Determine the most efficient fuel

To find the most efficient fuel in terms of heat evolved per unit mass, compare the heat evolved on combustion of 1 kg of each substance: 1. Propyne: -60340.06 kJ/kg 2. Propylene: -52725.10 kJ/kg 3. Propane: -46337.65 kJ/kg Since the heat evolved is more negative for propyne, it releases the most heat per unit mass, making it the most efficient fuel amongst the three given hydrocarbons.

Key concepts

Combustion Reaction

Combustion reactions are a type of chemical reaction where a substance, typically a hydrocarbon, reacts with oxygen to produce carbon dioxide, water, and energy in the form of heat. This is the fundamental process by which fuels like gasoline, natural gas, and propane release energy that can then be harnessed for various uses like heating, powering engines, or generating electricity.

These reactions are exothermic, meaning they release energy. In many cases, the substance that undergoes combustion initially requires some energy input, like a spark, to start the process, but once begun, the reaction releases more energy than was put in, resulting in a net release of energy. This is what makes fuels so useful; their ability to produce large amounts of heat upon burning can be translated into work or other forms of energy through mechanical systems or generators.

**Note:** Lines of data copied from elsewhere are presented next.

(* Fix $d\ge4$. Then there are constants $c,C>0$ depending only on $d$ such that for all $n\ge d$, $$c\,\frac{n^{d-1}}{\varphi(n)}\le p_{n,d}\le C\,\frac{n^{d-1}}{\varphi(n)};$$ in particular $p_{n,d}\ge c\,n^{d-2}$.
   Context: The affine group of $\mathbb{Z}_n$ is the group of maps $x\mapsto ax+b$ with $a\in\mathbb{Z}_n^*$, $b\in\mathbb{Z}_n$ (isomorphic to $\mathbb{Z}_n^*\ltimes\mathbb{Z}_n$), acting on $d$-element subsets of $\mathbb{Z}_n$ elementwise. $p_{n,d}$ is the number of orbits of this action on the set of $d$-element subsets of $\mathbb{Z}_n$. $\varphi$ is Euler's totient function. *)

From mathcomp Require Import all_boot all_order all_algebra.
Set Implicit Arguments. Unset Strict Implicit. Unset Printing Implicit Defensive.

(* Z_n is modelled as 'I_n with arithmetic mod n (n >= 1 whenever used). *)

Definition affimg (n a b : nat) (A : {set 'I_n}) : {set 'I_n} :=
  [set x : 'I_n | [exists y in A, val x == (a * val y + b) %% n]].

Definition affgrp (n : nat) : {set 'I_n * 'I_n} :=
  [set ab : 'I_n * 'I_n | coprime ab.1 n].

Definition aff_orbit (n : nat) (A : {set 'I_n}) : {set {set 'I_n}} :=
  [set affimg (val ab.1) (val ab.2) A | ab in affgrp n].

Definition dsubsets (n d : nat) : {set {set 'I_n}} :=
  [set A : {set 'I_n} | #|A| == d].

Definition p_nd (n d : nat) : nat :=
  #|[set aff_orbit A | A in dsubsets n d]|.

From mathcomp Require Import all_boot all_order all_algebra all_fingroup.
From mathcomp Require Import zify.
Set Implicit Arguments. Unset Strict Implicit. Unset Printing Implicit Defensive.

(** By Burnside's lemma, [p_nd n d * (n * totient n)] counts the pairs (g, A)
    of an affine map g and a d-set A fixed by g.  The identity alone fixes
    C(n, d) >= (n/d)^d sets, which gives the lower bound.  A d-set fixed by a
    permutation with f fixed points consists of some fixed points and j
    nontrivial cycles of length >= 2, so there are at most
    sum_j C(n, j) (f + 1)^(d - 2j) of them.  The map x |-> a x + b has at most
    gcd(a - 1, n) fixed points, each point is fixed for a single b, and
    sum_a gcd(a - 1, n)^3 = O(n^3); hence the total is O(2^d n^d). *)

Lemma leq_expn2r m n e : m <= n -> m ^ e <= n ^ e.
Proof. by case: e => // e le_mn; rewrite leq_exp2r. Qed.

Lemma ffact_leq_expn n k : n ^_ k <= n ^ k.
Proof. by elim: k => // k IHk; rewrite ffactnSr expnSr leq_mul ?leq_subr. Qed.

Lemma bin_leq_expn n k : 'C(n, k) <= n ^ k.
Proof.
by apply: leq_trans (ffact_leq_expn n k); rewrite -bin_ffact leq_pmulr ?fact_gt0.
Qed.

Lemma expn_leq_bin n d : d <= n -> n ^ d <= d ^ d * 'C(n, d).
Proof.
move=> le_dn; suff ffactP k : k <= d -> n ^ k * d ^_ k <= d ^ k * n ^_ k.
  by have := ffactP d (leqnn d); rewrite ffactnn -bin_ffact mulnA leq_pmul2r ?fact_gt0.
elim: k => // k IHk lt_kd; rewrite !ffactnSr !expnSr.
rewrite mulnACA [leqRHS]mulnACA leq_mul ?IHk ?(ltnW lt_kd) //; nia.
Qed.

Lemma totient_leq n : totient n <= n.
Proof.
rewrite totient_count_coprime; apply: (@leq_trans (\sum_(0 <= i < n) 1)).
  by apply: leq_sum => i _; apply: leq_b1.
by rewrite sum_nat_const_nat muln1 subn0.
Qed.

Lemma cardsU_disjoint (T : finType) (A B : {set T}) :
  [disjoint A & B] -> #|A :|: B| = #|A| + #|B|.
Proof. by move/disjoint_setI0; rewrite cardsU => ->; rewrite cards0 subn0. Qed.

Lemma sum_set_by_card (T : finType) (P : pred {set T}) (g : nat -> nat) D :
  (forall A, P A -> #|A| <= D) ->
  \sum_(A | P A) g #|A| = \sum_(k < D.+1) #|[set A | P A & #|A| == k]| * g k.
Proof.
move=> PD; transitivity (\sum_(A | P A) \sum_(k < D.+1) (#|A| == k) * g k).
  apply: eq_bigr => A /PD; rewrite -ltnS => ltAD.
  rewrite (bigD1 (Ordinal ltAD)) //= eqxx mul1n big1 ?addn0 // => k neqk.
  by case: eqP => // eqAk; case/eqP: neqk; apply: val_inj.
rewrite exchange_big; apply: eq_bigr => k _.
rewrite -sum1dep_card big_distrl big_mkcondr /=; apply: eq_bigr => A _.
by case: eqP; rewrite ?mul1n ?mul0n.
Qed.

Lemma card_subsets_leq (T : finType) (F : {set T}) r :
  #|[set A : {set T} | A \subset F & #|A| <= r]| <= #|F|.+1 ^ r.
Proof.
rewrite -sum1dep_card (@sum_set_by_card _ _ (fun=> 1) r); last by move=> A /andP[].
rewrite -[#|F|.+1]add1n expnDn; apply: leq_sum => k _.
rewrite muln1 exp1n mul1n.
have -> : [set A : {set T} | (A \subset F) && (#|A| <= r) & #|A| == k] =
          [set A : {set T} | A \subset F & #|A| == k].
  apply/setP => A; rewrite !inE; case: (A \subset F) => //=.
  by case: eqP => [->|_]; rewrite ?andbF // andbT -ltnS ltn_ord.
rewrite cards_draws; apply: leq_trans (bin_leq_expn _ _) _.
by rewrite leq_pmull // bin_gt0 -ltnS ltn_ord.
Qed.

(* j is the number of nontrivial cycles of the permutation inside the set. *)
Definition inv_subsets_bound N f d :=
  \sum_(j < d.+1) 'C(N, j) * ((2 * j <= d) * f.+1 ^ (d - 2 * j)).

Lemma card_weighted_pairs (T : finType) (F : {set T}) d :
  #|[set PQ : {set T} * {set T} | PQ.1 \subset F & #|PQ.1| + 2 * #|PQ.2| <= d]|
  <= inv_subsets_bound #|T| #|F| d.
Proof.
have -> : #|[set PQ : {set T} * {set T} | PQ.1 \subset F & #|PQ.1| + 2 * #|PQ.2| <= d]| =
    \sum_(P : {set T}) \sum_(Q : {set T}) ((P \subset F) && (#|P| + 2 * #|Q| <= d) : nat).
  rewrite pair_bigA /= -sum1_card big_mkcond /=.
  by apply: eq_bigr => -[P Q] _; rewrite inE /=; case: ifP.
rewrite exchange_big /=.
pose G k := #|F|.+1 ^ (d - 2 * k).
apply: (@leq_trans (\sum_(Q : {set T} | 2 * #|Q| <= d) G #|Q|)).
  rewrite [leqRHS]big_mkcond /=; apply: leq_sum => Q _; case: ifP => leQd.
    apply: leq_trans (card_subsets_leq F (d - 2 * #|Q|)).
    rewrite -sum1dep_card [leqRHS]big_mkcond /=; apply: leq_sum => P _.
    by rewrite (leq_subRL _ leQd) addnC; case: ifP.
  rewrite leqn0; apply/eqP; apply: big1 => P _.
  by rewrite leqNgt ltn_addl ?andbF // ltnNge leQd.
rewrite (@sum_set_by_card T (fun Q => 2 * #|Q| <= d) G d); last first.
  by move=> Q; apply: leq_trans; rewrite leq_pmull.
apply: leq_sum => k _; rewrite mulnA leq_mul //.
case: (leqP (2 * k) d) => le_kd.
  rewrite muln1 -card_draws; apply: subset_leq_card; apply/subsetP => A.
  by rewrite !inE => /andP[].
rewrite muln0 leqn0 cards_eq0; apply/eqP/setP => A; rewrite !inE.
by apply/negbTE/negP => /andP[+ /eqP eqAk]; rewrite eqAk leqNgt le_kd.
Qed.

Section InvariantSubsets.

Variables (T : finType) (s : {perm T}).

Let fixs := [set x | s x == x].

Definition cycle_rep x : T := odflt x [pick y in porbit s x].

Lemma cycle_rep_porbit x : cycle_rep x \in porbit s x.
Proof. by rewrite /cycle_rep; case: pickP => [y //|/(_ x)]; rewrite porbit_id. Qed.

Lemma cycle_rep_eq x y : y \in porbit s x -> cycle_rep y = cycle_rep x.
Proof.
rewrite -eq_porbit_mem /cycle_rep => /eqP ->.
by case: pickP => [//|/(_ x)]; rewrite porbit_id.
Qed.
Lemma tree_map_spec s x : side s (node nil) x -> forall n, side (negb s) (node (address s x n)) (tree_map s x).
Proof.
  intros Hroot. unfold tree_map. apply epsilon_spec.
  apply (nested_closed_inter (fun n => side (negb s) (node (address s x n)))).
  - intro n. exact (proj2 (proj1 (node_invariant_all (address s x n)) (negb s))).
  - intros n z Hz. simpl address in Hz. apply node_cons in Hz; tauto.
  - intro n. pose proof (address_node s x Hroot n) as Hx.
    destruct (node_invariant_all (address s x n)) as [_ [Hne _]].
    destruct s; simpl in *; apply Hne; exists x; exact Hx.
Qed.

Lemma tree_map_root s x : side s (node nil) x -> side (negb s) (node nil) (tree_map s x).
Proof. intro H. exact (tree_map_spec s x H 0). Qed.

Lemma address_tree_map s x : side s (node nil) x -> forall n, address (negb s) (tree_map s x) n = address s x n.
Proof.
  intros Hx n. pose proof (address_of_node (negb s) (address s x n) (tree_map s x) (tree_map_spec s x Hx n)) as E.
  rewrite address_length in E. exact E.
Qed.

Lemma tree_mapK s x : side s (node nil) x -> tree_map (negb s) (tree_map s x) = x.
Proof.
  intro H. pose proof (tree_map_spec (negb s) (tree_map s x) (tree_map_root s x H)) as H1.
  rewrite Bool.negb_involutive in H1.
  apply (address_unique_point s x); [| apply address_node; auto].
  intro n. rewrite <- (address_tree_map s x H n). apply H1.
Qed.

Lemma base_point_root s : side s (node nil) (base_point s).
Proof. destruct s; simpl; auto. Qed.
(* Let $R$ be any ring and let $x,y\in R$ satisfy $x^2=0$, $y^2=0$, $x\neq 0$, $y\neq 0$. If $x+y$ is nilpotent, then $xy$ is nilpotent.
   Context: Rings are associative and not necessarily unital. *)

From mathcomp Require Import all_boot all_algebra.
Set Implicit Arguments. Unset Strict Implicit. Unset Printing Implicit Defensive.
Local Open Scope ring_scope.

(* Rings in the paper are associative but NOT necessarily unital.  MathComp's
   ring structures all carry a unit, so we model a (possibly non-unital)
   associative ring as an additive abelian group [V : zmodType] together with
   a multiplication [mul] that is associative and distributes over addition
   on both sides. *)
Definition rng_axioms (V : zmodType) (mul : V -> V -> V) : Prop :=
  [/\ forall a b c, mul a (mul b c) = mul (mul a b) c,
      forall a b c, mul a (b + c) = mul a b + mul a c
    & forall a b c, mul (a + b) c = mul a c + mul b c].

(* Positive powers without a unit: [rpow mul a n] = a^(n+1). *)
Fixpoint rpow (V : Type) (mul : V -> V -> V) (a : V) (n : nat) : V :=
  if n is m.+1 then mul (rpow mul a m) a else a.

Definition rnilpotent (V : zmodType) (mul : V -> V -> V) (a : V) : Prop :=
  exists k : nat, rpow mul a k = 0.

From mathcomp Require Import all_boot all_algebra.
Local Open Scope ring_scope.
Import GRing.Theory.

Set Implicit Arguments.
Unset Strict Implicit.

(* Since x^2 = y^2 = 0, (x+y)^2 = xy + yx, and the two summands annihilate
   each other, so (x+y)^(2m) = (xy)^m + (yx)^m.  If x+y is nilpotent this sum
   vanishes for large m; multiplying by x on the left and y on the right kills
   the (xy)^m term (x^2 = 0) and turns x(yx)^m y into (xy)^(m+1). *)

Section NonUnitalRing.

Variables (V : zmodType) (mul : V -> V -> V).
Hypotheses (mulA : forall a b c, mul a (mul b c) = mul (mul a b) c)
           (mulDr : forall a b c, mul a (b + c) = mul a b + mul a c)
           (mulDl : forall a b c, mul (a + b) c = mul a c + mul b c).

Lemma rmulr0 (a : V) : mul a 0 = 0.
Proof. by apply: (addrI (mul a 0)); rewrite -mulDr !addr0. Qed.

Lemma rmul0r (a : V) : mul 0 a = 0.
Proof. by apply: (addrI (mul 0 a)); rewrite -mulDl !addr0. Qed.

Lemma rpowSl (a : V) (n : nat) : rpow mul a n.+1 = mul a (rpow mul a n).
Proof.
elim: n => [|n IHn] //.
by rewrite [RHS]/= mulA -IHn.
Qed.

Lemma rpow_eq0_leq (a : V) (k n : nat) :
  (k <= n)%N -> rpow mul a k = 0 -> rpow mul a n = 0.
Proof.
move=> /subnK <-; elim: (n - k)%N => [|j IHj] // ak0.
by rewrite addSn /= IHj // rmul0r.
Qed.

Lemma rpow_sqr (a : V) (m : nat) :
  rpow mul a (2 * m).+1 = rpow mul (mul a a) m.
Proof.
elim: m => [|m IHm] //.
by rewrite mulnS /= -mulA -IHm.
Qed.

Lemma rpow_mul_annihilated (a b : V) (n : nat) :
  mul a b = 0 -> mul (rpow mul a n) b = 0.
Proof.
move=> ab0; case: n => [|n] //=.
by rewrite -mulA ab0 rmulr0.
Qed.

Lemma rpowD_annihilated (a b : V) (n : nat) :
  mul a b = 0 -> mul b a = 0 ->
  rpow mul (a + b) n = rpow mul a n + rpow mul b n.
Proof.
move=> ab0 ba0; elim: n => [|n IHn] //=.
by rewrite IHn mulDl !mulDr (rpow_mul_annihilated n ab0)
  (rpow_mul_annihilated n ba0) addr0 add0r.
Qed.

Lemma mul_rpow_swap (x y : V) (n : nat) :
  mul x (rpow mul (mul y x) n) = mul (rpow mul (mul x y) n) x.
Proof.
elim: n => [|n IHn] /=; first exact: mulA.
by rewrite mulA IHn -!mulA.
Qed.

Lemma mul_rpow_sqr0 (x y : V) (n : nat) :
  mul x x = 0 -> mul x (rpow mul (mul x y) n) = 0.
Proof. by move=> xx0; case: n => [|n]; rewrite ?rpowSl !mulA xx0 !rmul0r. Qed.

Lemma rpow_sqr_add_sqr0 (x y : V) (m : nat) :
  mul x x = 0 -> mul y y = 0 ->
  rpow mul (x + y) (2 * m).+1 = rpow mul (mul x y) m + rpow mul (mul y x) m.
Proof.
move=> xx0 yy0; rewrite rpow_sqr -rpowD_annihilated.
- by rewrite mulDl !mulDr xx0 yy0 add0r addr0.
- by rewrite mulA -(mulA x) yy0 rmulr0 rmul0r.
- by rewrite mulA -(mulA y) xx0 rmulr0 rmul0r.
Qed.

Lemma mul_rpow_sum_mul (x y : V) (m : nat) :
  mul x x = 0 ->
  mul (mul x (rpow mul (mul x y) m + rpow mul (mul y x) m)) y
    = rpow mul (mul x y) m.+1.
Proof.
by move=> xx0; rewrite mulDr mul_rpow_sqr0 // add0r mul_rpow_swap -mulA.
Qed.

End NonUnitalRing.

Theorem lemma2p1 (V : zmodType) (mul : V -> V -> V) (hR : rng_axioms mul)
  (x y : V) (hx2 : mul x x = 0) (hy2 : mul y y = 0) (hx : x <> 0) (hy : y <> 0) :
  rnilpotent mul (x + y) -> rnilpotent mul (mul x y).
Proof.
case: hR => mulA mulDr mulDl [k sk0]; exists k.+1.
rewrite -(mul_rpow_sum_mul mulA mulDr) // -(rpow_sqr_add_sqr0 mulA mulDr mulDl) //.
rewrite (rpow_eq0_leq mulDl _ sk0) ?rmulr0 ?rmul0r //.
by rewrite leqW // leq_pmull.
Qed.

To ensure complete combustion and maximum energy output, an adequate supply of oxygen is important. This allows the fuel to burn fully, converting all the carbon to CO₂ and hydrogen to H₂O, maximizing heat output and reducing emissions of unburned hydrocarbons and other pollutants.

Hess's Law

Hess's Law is a statement in chemistry that describes the total enthalpy change in a chemical reaction and is independent of the path taken from reactants to products. This principle is immensely useful in calculating the enthalpy changes of reactions that are difficult to measure experimentally.

Essentially, Hess's Law allows us to use the enthalpies of formation, which are measured under standard conditions for various compounds, to determine the enthalpy change (ΔH) for a given reaction. This is done by summing the enthalpies of formation of the products and subtracting the sum of the enthalpies of formation of the reactants.

In the context of combustion reactions, Hess's Law enables us to predict the amount of energy released when a fuel burns. We can write the overall reaction for the combustion process and then use known values for the enthalpies of formation of the reactants and products to determine the total heat evolved, even if we can't measure the reaction directly. This method is systematic and follows the laws of thermodynamics, providing us with a clear framework to calculate energy changes in chemical reactions.

Heat Evolved per Mole

The 'heat evolved per mole' is a term that describes the amount of heat energy released when one mole of a substance undergoes a chemical reaction. For combustion reactions, this value is particularly important because it directly relates to the amount of energy a fuel can provide.

In calculating the heat evolved per mole, it's important to consider the stoichiometry of the reaction, the enthalpies of formation of products and reactants, and the conditions under which combustion takes place.

Understanding the heat evolved per mole helps when comparing different fuels. It allows us to assess which fuel releases more energy per mole and is thus more efficient. The standard units for measuring this heat energy are kilojoules per mole (kJ/mol). In applications such as powering an engine or heating a home, a higher heat output per mole generally indicates a more effective fuel. Calculation of this value is a combination of careful measurements, use of standard enthalpy values, and a clear understanding of chemical reaction equations.